# Task 2 — Spam Email Classifier (Naive Bayes)
**Machine Learning**

**Goal:** Build a spam vs. ham email classifier using `TfidfVectorizer` + Naive Bayes.

**Dataset:** Upload the Kaggle CSV (two columns like `label`, `text`) or any small email dataset.

**Steps:**
- Load dataset
- Clean & split
- Vectorize (`TfidfVectorizer`)
- Train `MultinomialNB`
- Evaluate accuracy, precision, recall, F1
- Test with custom samples


In [1]:
# ---- Utility: SAFE_READ_CSV (no google.colab required) ----
import os, pandas as pd

def SAFE_READ_CSV(preferred_paths, fallback_msg):
    # Try a list of paths. If not found, ask for a manual path via input().
    for p in preferred_paths:
        if os.path.exists(p):
            try:
                df = pd.read_csv(p)
                print(f"Loaded dataset from: {p}")
                return df
            except Exception as e:
                print(f"Found {p} but couldn't read it as CSV: {e}")
    print(fallback_msg)
    manual = input("➡ Enter full path to your CSV (or press Enter to cancel): ").strip()
    if manual:
        if not os.path.exists(manual):
            raise FileNotFoundError(f"Path does not exist: {manual}")
        return pd.read_csv(manual)
    raise FileNotFoundError("CSV not found.

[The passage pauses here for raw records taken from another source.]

(* Let $\tau$ be a non-scalar tame inertial type, $(J,r)$ a maximal refined shape for $\tau$, and $\mathfrak{P}\in\mathrm{Ext}^1_{\mathbb F}(\mathfrak{M},\mathfrak{N})$ an extension of type $\tau$ and refined shape $(J,r)$ (where $(\mathfrak M,\mathfrak N)$ is a pair of rank one modules of refined shape $(J,r)$). Let $D=D(\mathfrak{P})$ be its Dieudonné module. Then for each $i\in\mathbb{Z}/f'\mathbb{Z}$: if $i\in J$ then $F=0$ on $D_{\eta,i-1}$, and if $i\notin J$ then $V=0$ on $D_{\eta,i}$.
   Context: Setup. $p$ odd prime, $K/\mathbb Q_p$ finite with residue field of size $p^f$, ramification index $e$; $L/K$ unramified quadratic; $\pi$ uniformiser of $K$. $\tau=\eta\oplus\eta'$ non-scalar tame inertial type (ordering fixed): principal series ($\eta\ne\eta'$ both extend to $G_K$) or cuspidal ($\eta'=\eta^{p^f}\ne\eta$, $\eta$ extends to $G_L$). $K'=K(\pi^{1/(p^f-1)})$, $f'=f$, or $K'=L(\pi^{1/(p^{2f}-1)})$, $f'=2f$; $k'$ residue field of $K'$; $e'=e(p^{f'}-1)$; $\pi'=\pi^{1/(p^{f'}-1)}$; $E(u)$ its minimal polynomial over $W(k')[1/p]$; $h(g)\in k'$ reduction of $g(\pi')/\pi'$. $\mathbb F$ finite field containing images of $k'$ and of $\bar\eta,\bar\eta'$; $\sigma_i:k'\hookrightarrow\mathbb F$, $\sigma_{i+1}^p=\sigma_i$; $e_i\in k'\otimes\mathbb F$ the idempotents with $(x\otimes1)e_i=(1\otimes\sigma_i(x))e_i$. $k_i,k'_i\in\mathbb Z/(p^{f'}-1)$ with $\bar\eta=\sigma_i\circ h^{k_i}$, $\bar\eta'=\sigma_i\circ h^{k'_i}$ on $I(K'/K)$; $[n]$ least non-negative residue mod $p^{f'}-1$. Rank one modules $\mathfrak M(r,a,c)$ over $\mathfrak S_\mathbb F=(k'\otimes\mathbb F)[[u]]$: $e_i\mathfrak M=\mathbb F[[u]]m_i$, $\Phi(1\otimes m_{i-1})=a_iu^{r_i}m_i$, $\hat g(\sum m_i)=\sum h(g)^{c_i}m_i$. A pair $(\mathfrak M(r,a,c),\mathfrak M(s,b,d))$ has type $\tau$ if $\{c_i,d_i\}=\{k_i,k'_i\}$ and $r_i+s_i=e'$; its shape is $J=\{i:c_i=k_i\}$ and refined shape $(J,r)$; $(i-1,i)$ is a transition if exactly one of $i-1,i$ lies in $J$; $(J,r)$ is maximal if $r_i=e'$ at non-transitions and $r_i=e'-[c_i-d_i]$ at transitions. $\mathrm{Ext}^1_{\mathbb F}$ is taken in the category of $\mathfrak S_\mathbb F$-modules with $\varphi$-semilinear endomorphism and commuting semilinear descent data; every such extension $\mathfrak P$ of this pair is a rank two Breuil–Kisin module of height $\le1$ and type $\tau$. Dieudonné module: $D(\mathfrak P)=\mathfrak P/u\mathfrak P$ with the induced $\mathrm{Gal}(K'/K)$-action, $F$ induced by $\varphi_\mathfrak P$, and $V=c^{-1}\mathfrak V \bmod u$, where $E(0)=cp$ and $\mathfrak V$ is the unique map with $\mathfrak V\circ\varphi_{\mathfrak P}=E(u)$. $D_\eta$ is the submodule on which $I(K'/K)$ acts via $\bar\eta$, and $D_{\eta,i}=e_iD_\eta$; $F$ maps $D_{\eta,i}\to D_{\eta,i+1}$ and $V$ maps $D_{\eta,i+1}\to D_{\eta,i}$. *)

(* Concrete model of rank-two Breuil-Kisin modules with
   (inertial) descent data over S_F = (k' (x) F)[[u]], presented componentwise
   via the idempotents e_i, in a basis adapted to an extension. *)
From mathcomp Require Import all_boot all_algebra.
Set Implicit Arguments.
Unset Strict Implicit.
Unset Printing Implicit Defensive.
Import GRing.Theory.
Local Open Scope ring_scope.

Please place the file next to this notebook or give a valid path.")


In [None]:
# --- Spam Email Classifier (Kaggle "Email Spam Classification Dataset CSV") ---
# Dataset: https://www.kaggle.com/datasets/balaka18/email-spam-classification-dataset-csv
# The CSV is PRE-VECTORIZED: ~3000 word-count columns + a binary label column.
# I convert counts -> TF-IDF with TfidfTransformer, then train NB models.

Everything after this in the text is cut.